**What to work on:** In the data below, one line contains "Lemma lshuf_assoc_k a" and a later one contains "rassoc; rewrite !lshuf_nat_k". Print both, with every line between them, exactly and alone.

**Records supplied:**
▼

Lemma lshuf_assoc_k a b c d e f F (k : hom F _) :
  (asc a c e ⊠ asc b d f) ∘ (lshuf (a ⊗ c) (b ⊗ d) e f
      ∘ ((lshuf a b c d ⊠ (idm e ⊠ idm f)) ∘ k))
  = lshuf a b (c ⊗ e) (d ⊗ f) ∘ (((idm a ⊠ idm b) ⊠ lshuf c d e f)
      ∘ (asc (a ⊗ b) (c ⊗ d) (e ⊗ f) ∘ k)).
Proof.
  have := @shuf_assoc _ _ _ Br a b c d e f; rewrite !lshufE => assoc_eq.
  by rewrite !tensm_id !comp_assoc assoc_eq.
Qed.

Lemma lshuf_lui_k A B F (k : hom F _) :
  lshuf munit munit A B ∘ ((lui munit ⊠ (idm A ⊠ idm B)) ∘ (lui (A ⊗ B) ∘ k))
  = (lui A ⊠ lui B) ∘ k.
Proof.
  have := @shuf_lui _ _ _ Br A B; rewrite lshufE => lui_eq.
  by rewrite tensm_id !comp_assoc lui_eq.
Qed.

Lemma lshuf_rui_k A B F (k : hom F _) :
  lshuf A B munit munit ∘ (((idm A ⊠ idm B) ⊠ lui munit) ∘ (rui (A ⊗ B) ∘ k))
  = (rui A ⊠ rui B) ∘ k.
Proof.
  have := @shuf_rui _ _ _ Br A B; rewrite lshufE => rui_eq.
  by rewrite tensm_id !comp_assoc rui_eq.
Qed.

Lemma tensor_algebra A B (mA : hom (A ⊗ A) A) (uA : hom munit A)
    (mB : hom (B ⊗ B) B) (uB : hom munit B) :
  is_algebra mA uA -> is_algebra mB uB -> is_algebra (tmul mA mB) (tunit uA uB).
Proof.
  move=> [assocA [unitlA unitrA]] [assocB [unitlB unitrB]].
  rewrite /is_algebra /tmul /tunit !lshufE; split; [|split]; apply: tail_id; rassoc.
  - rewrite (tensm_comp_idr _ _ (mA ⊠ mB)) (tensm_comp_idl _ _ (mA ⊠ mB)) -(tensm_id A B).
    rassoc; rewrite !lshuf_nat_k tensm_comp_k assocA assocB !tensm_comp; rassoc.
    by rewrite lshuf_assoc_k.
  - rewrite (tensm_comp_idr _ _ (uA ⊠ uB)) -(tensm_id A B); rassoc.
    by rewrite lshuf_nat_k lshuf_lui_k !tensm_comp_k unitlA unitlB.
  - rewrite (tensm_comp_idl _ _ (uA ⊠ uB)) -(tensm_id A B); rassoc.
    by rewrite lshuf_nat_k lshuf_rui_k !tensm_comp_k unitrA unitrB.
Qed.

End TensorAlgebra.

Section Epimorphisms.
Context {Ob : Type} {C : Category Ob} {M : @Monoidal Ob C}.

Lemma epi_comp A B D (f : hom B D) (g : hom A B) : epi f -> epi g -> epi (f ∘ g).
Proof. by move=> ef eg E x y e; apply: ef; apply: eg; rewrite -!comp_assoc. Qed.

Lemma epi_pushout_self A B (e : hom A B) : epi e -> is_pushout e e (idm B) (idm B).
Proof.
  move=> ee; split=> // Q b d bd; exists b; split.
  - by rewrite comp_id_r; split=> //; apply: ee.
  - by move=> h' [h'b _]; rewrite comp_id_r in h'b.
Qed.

▲
▼

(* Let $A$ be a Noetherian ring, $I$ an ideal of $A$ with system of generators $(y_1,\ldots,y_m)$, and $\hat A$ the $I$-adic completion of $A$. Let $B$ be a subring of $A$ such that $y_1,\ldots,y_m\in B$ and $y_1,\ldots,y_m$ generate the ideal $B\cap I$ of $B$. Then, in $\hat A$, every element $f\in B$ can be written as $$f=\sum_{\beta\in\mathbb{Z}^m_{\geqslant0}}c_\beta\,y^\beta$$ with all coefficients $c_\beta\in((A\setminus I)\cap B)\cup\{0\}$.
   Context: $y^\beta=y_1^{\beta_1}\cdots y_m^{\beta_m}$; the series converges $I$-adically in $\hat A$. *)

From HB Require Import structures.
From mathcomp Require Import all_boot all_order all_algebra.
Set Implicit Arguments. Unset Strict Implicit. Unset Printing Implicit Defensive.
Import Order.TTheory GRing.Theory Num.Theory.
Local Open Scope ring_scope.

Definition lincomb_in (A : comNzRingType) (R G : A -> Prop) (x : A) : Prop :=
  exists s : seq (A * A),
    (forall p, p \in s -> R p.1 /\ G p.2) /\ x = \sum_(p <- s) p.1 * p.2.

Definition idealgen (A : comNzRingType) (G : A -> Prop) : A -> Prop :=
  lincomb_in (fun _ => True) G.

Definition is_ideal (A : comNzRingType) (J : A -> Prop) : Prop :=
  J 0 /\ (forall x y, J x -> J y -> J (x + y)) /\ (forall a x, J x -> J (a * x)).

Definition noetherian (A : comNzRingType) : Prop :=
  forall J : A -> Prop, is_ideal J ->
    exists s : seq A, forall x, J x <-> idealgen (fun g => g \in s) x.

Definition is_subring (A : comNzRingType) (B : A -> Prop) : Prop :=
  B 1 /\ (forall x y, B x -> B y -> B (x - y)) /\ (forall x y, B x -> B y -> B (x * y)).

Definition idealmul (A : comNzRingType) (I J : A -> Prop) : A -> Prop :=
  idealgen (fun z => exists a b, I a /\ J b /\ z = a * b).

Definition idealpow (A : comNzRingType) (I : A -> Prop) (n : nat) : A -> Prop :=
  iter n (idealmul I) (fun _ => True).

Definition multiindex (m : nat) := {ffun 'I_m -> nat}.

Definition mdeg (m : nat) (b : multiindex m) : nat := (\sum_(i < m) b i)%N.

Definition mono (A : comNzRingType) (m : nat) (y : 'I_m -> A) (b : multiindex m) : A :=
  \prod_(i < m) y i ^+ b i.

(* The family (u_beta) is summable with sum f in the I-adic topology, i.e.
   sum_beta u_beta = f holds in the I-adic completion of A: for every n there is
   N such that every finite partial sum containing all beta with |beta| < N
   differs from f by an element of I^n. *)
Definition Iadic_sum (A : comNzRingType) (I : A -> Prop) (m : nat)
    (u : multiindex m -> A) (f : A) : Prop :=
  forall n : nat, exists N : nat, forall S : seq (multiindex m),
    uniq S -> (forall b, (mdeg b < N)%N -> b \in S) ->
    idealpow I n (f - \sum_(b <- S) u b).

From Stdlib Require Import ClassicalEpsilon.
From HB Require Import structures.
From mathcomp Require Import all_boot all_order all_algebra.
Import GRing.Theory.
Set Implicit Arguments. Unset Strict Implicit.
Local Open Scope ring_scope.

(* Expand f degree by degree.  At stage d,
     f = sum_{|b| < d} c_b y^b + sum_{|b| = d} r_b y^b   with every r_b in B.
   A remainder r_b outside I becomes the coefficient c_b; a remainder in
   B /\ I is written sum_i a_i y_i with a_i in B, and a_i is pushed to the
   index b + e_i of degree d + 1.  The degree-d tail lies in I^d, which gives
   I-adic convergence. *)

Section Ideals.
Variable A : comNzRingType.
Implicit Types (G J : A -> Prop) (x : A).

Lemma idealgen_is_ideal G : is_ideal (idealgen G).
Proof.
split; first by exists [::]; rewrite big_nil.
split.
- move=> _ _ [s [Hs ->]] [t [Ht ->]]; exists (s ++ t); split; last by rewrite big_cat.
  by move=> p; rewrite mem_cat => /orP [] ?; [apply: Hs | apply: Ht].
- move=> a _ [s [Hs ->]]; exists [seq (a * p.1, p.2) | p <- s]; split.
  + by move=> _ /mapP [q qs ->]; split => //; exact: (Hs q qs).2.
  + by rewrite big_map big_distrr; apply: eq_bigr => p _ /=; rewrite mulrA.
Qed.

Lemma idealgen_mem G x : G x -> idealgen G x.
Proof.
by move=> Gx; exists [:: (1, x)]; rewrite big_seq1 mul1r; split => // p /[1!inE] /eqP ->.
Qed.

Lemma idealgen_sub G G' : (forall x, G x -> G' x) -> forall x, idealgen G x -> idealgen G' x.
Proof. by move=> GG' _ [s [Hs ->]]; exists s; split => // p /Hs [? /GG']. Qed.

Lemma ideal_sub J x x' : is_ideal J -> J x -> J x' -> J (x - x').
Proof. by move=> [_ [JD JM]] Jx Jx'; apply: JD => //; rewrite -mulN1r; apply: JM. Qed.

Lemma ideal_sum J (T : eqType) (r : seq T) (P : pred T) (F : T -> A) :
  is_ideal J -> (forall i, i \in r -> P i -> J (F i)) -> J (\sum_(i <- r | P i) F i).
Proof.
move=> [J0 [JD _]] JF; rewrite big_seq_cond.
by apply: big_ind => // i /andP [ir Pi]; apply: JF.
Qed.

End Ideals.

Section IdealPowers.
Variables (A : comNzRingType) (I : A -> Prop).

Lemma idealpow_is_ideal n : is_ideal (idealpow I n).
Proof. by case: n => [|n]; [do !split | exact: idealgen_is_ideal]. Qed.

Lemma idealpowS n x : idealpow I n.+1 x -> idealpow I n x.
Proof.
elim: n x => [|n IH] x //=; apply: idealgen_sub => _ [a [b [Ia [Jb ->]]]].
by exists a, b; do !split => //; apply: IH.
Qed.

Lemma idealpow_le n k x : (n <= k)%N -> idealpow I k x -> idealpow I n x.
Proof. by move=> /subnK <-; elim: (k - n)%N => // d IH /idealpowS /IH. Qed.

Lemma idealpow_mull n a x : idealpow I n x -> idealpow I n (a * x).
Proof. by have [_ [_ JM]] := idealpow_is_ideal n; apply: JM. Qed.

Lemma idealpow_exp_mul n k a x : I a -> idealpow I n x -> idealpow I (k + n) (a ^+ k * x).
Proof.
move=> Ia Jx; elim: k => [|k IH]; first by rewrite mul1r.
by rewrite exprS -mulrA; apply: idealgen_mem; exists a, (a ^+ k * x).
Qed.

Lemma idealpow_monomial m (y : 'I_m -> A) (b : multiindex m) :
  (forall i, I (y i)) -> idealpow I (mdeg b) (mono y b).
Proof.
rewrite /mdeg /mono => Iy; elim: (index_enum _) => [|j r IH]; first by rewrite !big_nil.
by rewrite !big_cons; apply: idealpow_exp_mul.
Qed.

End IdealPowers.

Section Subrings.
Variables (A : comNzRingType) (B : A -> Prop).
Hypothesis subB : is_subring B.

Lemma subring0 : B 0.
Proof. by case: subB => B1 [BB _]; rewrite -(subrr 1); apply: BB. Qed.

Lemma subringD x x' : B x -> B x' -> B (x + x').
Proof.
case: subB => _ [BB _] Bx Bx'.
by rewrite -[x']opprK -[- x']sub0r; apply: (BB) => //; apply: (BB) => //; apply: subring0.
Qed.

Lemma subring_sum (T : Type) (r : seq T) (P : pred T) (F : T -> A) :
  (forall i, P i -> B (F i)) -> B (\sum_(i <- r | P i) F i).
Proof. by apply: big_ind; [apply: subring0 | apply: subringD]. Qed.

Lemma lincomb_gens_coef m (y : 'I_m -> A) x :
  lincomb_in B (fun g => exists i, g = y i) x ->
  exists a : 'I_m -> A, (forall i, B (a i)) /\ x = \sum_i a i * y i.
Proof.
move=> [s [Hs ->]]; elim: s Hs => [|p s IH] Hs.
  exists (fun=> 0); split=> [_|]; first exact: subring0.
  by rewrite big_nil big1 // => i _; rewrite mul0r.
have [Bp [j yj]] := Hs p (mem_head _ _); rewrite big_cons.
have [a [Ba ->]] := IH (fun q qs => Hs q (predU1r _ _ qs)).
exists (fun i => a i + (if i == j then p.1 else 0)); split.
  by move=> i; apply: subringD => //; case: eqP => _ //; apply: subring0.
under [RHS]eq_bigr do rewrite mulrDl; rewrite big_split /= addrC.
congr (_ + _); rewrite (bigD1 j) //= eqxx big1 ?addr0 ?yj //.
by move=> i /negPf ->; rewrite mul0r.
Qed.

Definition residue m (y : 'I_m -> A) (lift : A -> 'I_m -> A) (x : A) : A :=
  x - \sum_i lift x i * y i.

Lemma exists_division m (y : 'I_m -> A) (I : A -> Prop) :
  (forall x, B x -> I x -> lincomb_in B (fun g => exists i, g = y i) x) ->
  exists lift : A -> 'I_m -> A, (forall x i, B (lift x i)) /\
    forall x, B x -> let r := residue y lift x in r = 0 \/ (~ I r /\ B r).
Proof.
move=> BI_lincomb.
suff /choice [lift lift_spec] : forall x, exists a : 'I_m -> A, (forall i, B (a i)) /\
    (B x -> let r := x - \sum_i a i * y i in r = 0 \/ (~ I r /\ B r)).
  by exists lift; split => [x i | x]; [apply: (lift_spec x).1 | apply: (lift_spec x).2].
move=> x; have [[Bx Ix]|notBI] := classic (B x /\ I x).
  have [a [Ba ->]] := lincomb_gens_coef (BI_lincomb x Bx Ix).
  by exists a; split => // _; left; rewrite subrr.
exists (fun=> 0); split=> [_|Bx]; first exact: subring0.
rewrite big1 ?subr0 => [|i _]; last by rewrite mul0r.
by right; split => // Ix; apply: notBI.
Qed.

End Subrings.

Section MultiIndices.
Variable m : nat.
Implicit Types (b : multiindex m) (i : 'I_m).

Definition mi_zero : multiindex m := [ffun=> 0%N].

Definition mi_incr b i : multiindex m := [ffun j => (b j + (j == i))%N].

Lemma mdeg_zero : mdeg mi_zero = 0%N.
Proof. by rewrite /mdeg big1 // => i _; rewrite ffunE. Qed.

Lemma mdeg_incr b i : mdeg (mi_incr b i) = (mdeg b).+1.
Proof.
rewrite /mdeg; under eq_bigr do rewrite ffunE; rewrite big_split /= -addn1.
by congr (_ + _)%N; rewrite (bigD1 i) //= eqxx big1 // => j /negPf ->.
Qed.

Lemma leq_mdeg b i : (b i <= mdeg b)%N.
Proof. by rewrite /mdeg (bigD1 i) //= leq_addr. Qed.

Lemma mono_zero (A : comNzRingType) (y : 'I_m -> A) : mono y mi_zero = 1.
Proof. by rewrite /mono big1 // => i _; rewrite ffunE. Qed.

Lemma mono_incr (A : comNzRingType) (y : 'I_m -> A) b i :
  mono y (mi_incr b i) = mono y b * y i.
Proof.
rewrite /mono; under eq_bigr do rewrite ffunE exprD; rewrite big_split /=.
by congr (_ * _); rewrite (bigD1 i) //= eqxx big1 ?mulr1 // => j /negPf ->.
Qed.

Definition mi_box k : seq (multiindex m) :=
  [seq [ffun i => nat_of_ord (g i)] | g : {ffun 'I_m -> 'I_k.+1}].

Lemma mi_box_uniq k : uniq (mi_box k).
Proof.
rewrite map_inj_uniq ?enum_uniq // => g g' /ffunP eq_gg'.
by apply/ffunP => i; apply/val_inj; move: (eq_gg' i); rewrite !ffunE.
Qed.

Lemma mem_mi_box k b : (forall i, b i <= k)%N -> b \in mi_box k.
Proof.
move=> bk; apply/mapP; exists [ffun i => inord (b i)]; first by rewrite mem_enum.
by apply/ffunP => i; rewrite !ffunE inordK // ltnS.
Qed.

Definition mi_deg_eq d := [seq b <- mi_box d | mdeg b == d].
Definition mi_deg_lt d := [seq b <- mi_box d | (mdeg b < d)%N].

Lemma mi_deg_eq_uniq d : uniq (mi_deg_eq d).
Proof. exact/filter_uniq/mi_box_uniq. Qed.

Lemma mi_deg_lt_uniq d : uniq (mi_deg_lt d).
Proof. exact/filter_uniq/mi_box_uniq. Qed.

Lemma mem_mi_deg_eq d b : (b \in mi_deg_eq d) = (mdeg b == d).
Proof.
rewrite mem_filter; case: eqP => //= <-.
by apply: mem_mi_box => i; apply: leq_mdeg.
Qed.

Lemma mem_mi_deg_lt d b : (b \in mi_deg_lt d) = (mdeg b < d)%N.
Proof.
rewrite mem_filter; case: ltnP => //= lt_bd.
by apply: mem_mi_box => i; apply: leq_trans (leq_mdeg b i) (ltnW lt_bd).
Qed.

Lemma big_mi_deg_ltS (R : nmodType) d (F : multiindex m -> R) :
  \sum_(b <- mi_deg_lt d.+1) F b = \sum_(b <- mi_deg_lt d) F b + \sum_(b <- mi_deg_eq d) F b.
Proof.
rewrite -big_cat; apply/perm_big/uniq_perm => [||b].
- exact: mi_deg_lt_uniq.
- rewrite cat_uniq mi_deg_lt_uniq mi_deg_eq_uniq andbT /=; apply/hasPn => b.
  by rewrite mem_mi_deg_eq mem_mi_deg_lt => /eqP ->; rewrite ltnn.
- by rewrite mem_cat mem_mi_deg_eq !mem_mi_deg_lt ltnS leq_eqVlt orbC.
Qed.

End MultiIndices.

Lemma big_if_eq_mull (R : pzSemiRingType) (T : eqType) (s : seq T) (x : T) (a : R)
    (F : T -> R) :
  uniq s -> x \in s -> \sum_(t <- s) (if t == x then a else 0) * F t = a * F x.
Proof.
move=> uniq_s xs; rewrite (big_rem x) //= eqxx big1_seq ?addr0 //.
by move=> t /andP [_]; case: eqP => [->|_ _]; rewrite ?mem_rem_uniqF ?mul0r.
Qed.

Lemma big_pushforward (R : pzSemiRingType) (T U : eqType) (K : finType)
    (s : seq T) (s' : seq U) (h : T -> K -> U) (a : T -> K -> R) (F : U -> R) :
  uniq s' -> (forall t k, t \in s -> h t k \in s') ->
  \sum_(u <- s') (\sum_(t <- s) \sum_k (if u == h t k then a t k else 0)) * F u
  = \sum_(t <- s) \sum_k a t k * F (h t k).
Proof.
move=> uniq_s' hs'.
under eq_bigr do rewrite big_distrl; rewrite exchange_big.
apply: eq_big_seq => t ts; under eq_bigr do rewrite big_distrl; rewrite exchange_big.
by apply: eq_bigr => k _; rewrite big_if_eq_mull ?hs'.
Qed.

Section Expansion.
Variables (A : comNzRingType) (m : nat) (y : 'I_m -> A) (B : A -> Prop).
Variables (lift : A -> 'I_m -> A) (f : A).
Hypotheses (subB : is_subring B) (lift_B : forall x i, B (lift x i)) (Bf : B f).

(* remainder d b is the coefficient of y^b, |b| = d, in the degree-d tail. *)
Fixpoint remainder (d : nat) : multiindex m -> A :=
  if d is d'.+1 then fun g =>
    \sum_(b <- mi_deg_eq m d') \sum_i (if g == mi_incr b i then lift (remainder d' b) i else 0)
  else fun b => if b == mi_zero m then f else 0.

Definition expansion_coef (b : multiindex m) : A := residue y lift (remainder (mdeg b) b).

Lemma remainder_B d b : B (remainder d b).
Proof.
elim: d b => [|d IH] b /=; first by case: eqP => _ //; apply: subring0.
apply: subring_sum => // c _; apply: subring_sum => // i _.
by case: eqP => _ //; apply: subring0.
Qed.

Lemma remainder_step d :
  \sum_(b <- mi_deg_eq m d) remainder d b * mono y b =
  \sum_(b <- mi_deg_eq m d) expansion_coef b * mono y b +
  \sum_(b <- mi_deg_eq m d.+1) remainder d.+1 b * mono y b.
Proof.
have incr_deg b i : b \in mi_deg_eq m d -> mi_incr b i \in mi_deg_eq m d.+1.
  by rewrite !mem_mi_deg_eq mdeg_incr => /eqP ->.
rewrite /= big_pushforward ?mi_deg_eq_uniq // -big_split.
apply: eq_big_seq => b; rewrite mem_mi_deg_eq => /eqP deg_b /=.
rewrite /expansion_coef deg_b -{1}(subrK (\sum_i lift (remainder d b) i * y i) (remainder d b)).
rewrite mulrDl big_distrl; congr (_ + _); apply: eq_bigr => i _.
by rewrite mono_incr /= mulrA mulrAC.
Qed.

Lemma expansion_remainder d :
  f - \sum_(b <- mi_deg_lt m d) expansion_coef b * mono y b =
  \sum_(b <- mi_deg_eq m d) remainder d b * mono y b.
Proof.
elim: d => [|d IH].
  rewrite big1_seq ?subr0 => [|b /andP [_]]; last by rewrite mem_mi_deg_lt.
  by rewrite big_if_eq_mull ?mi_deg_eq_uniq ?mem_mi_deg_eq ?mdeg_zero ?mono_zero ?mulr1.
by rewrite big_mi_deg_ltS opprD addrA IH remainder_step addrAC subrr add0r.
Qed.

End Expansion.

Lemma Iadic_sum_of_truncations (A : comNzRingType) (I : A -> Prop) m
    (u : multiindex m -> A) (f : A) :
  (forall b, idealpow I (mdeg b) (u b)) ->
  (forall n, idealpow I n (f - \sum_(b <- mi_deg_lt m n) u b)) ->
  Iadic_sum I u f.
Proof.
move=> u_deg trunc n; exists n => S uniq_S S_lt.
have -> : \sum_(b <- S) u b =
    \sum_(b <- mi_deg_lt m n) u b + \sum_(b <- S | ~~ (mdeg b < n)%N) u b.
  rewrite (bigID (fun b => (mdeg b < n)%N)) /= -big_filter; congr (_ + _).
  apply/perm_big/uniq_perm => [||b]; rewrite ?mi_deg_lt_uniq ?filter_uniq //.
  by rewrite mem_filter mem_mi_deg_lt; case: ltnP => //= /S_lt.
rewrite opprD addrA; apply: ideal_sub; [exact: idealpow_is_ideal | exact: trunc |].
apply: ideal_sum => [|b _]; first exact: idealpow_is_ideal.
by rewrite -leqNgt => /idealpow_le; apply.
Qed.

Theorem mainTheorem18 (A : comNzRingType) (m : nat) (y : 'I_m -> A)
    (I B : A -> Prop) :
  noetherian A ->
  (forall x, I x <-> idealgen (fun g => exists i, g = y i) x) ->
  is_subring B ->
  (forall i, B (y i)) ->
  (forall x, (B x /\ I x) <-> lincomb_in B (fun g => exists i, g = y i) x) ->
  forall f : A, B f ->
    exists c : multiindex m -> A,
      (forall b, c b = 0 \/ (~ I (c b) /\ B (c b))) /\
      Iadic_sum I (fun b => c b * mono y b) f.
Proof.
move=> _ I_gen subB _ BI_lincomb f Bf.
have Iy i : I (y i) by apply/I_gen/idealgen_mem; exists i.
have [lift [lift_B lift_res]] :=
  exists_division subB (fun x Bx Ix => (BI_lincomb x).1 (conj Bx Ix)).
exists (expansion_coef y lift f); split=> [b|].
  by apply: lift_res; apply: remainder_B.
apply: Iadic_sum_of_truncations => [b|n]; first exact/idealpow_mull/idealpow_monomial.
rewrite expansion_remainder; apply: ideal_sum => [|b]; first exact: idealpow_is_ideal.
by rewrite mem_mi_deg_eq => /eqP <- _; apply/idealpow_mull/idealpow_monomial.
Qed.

▲

**Solution to the problem:**
Lemma lshuf_assoc_k a b c d e f F (k : hom F _) :
  (asc a c e ⊠ asc b d f) ∘ (lshuf (a ⊗ c) (b ⊗ d) e f
      ∘ ((lshuf a b c d ⊠ (idm e ⊠ idm f)) ∘ k))
  = lshuf a b (c ⊗ e) (d ⊗ f) ∘ (((idm a ⊠ idm b) ⊠ lshuf c d e f)
      ∘ (asc (a ⊗ b) (c ⊗ d) (e ⊗ f) ∘ k)).
Proof.
  have := @shuf_assoc _ _ _ Br a b c d e f; rewrite !lshufE => assoc_eq.
  by rewrite !tensm_id !comp_assoc assoc_eq.
Qed.

Lemma lshuf_lui_k A B F (k : hom F _) :
  lshuf munit munit A B ∘ ((lui munit ⊠ (idm A ⊠ idm B)) ∘ (lui (A ⊗ B) ∘ k))
  = (lui A ⊠ lui B) ∘ k.
Proof.
  have := @shuf_lui _ _ _ Br A B; rewrite lshufE => lui_eq.
  by rewrite tensm_id !comp_assoc lui_eq.
Qed.

Lemma lshuf_rui_k A B F (k : hom F _) :
  lshuf A B munit munit ∘ (((idm A ⊠ idm B) ⊠ lui munit) ∘ (rui (A ⊗ B) ∘ k))
  = (rui A ⊠ rui B) ∘ k.
Proof.
  have := @shuf_rui _ _ _ Br A B; rewrite lshufE => rui_eq.
  by rewrite tensm_id !comp_assoc rui_eq.
Qed.

Lemma tensor_algebra A B (mA : hom (A ⊗ A) A) (uA : hom munit A)
    (mB : hom (B ⊗ B) B) (uB : hom munit B) :
  is_algebra mA uA -> is_algebra mB uB -> is_algebra (tmul mA mB) (tunit uA uB).
Proof.
  move=> [assocA [unitlA unitrA]] [assocB [unitlB unitrB]].
  rewrite /is_algebra /tmul /tunit !lshufE; split; [|split]; apply: tail_id; rassoc.
  - rewrite (tensm_comp_idr _ _ (mA ⊠ mB)) (tensm_comp_idl _ _ (mA ⊠ mB)) -(tensm_id A B).
    rassoc; rewrite !lshuf_nat_k tensm_comp_k assocA assocB !tensm_comp; rassoc.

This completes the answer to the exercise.